Stored data entries
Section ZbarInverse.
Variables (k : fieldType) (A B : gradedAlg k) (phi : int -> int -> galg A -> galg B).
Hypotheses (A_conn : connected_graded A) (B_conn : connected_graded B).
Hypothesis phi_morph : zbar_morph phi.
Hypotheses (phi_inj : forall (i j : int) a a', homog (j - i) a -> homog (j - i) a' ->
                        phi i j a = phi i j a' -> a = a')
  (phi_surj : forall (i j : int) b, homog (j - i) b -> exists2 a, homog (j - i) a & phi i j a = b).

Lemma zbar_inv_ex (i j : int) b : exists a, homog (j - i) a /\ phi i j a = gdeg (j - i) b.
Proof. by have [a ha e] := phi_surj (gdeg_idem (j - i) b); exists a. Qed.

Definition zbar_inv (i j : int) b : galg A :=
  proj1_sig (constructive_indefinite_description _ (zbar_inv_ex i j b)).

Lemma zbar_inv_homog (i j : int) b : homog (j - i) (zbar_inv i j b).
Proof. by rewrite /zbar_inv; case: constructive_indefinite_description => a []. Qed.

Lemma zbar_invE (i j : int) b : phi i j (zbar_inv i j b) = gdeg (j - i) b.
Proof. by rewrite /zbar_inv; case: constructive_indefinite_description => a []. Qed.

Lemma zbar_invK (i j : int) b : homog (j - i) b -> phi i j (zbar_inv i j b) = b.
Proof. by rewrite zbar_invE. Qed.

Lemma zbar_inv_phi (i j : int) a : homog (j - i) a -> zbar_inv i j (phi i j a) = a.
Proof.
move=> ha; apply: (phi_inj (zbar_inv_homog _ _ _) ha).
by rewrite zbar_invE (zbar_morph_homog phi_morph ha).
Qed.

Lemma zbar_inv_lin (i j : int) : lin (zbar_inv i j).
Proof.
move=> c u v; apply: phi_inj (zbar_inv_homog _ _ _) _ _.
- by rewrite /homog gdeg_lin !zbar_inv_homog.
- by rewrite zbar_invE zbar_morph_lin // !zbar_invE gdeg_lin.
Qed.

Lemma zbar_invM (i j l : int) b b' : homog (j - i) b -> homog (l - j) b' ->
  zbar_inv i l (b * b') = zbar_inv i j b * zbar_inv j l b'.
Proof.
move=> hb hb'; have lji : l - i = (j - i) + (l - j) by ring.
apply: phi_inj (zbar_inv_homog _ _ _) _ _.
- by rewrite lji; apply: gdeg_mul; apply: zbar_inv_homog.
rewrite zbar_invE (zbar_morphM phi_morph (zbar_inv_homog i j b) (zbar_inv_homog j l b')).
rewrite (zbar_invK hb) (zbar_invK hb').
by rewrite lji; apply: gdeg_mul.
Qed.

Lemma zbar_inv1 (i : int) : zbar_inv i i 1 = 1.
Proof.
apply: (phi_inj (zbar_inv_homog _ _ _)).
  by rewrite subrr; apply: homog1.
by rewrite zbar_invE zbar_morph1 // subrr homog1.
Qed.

* [EXERCISE AIM]: Please show all lines from the entries that contain the word "have".

* [TASK RESULT]:
Proof. by have [a ha e] := phi_surj (gdeg_idem (j - i) b); exists a. Qed.
move=> hb hb'; have lji : l - i = (j - i) + (l - j) by ring.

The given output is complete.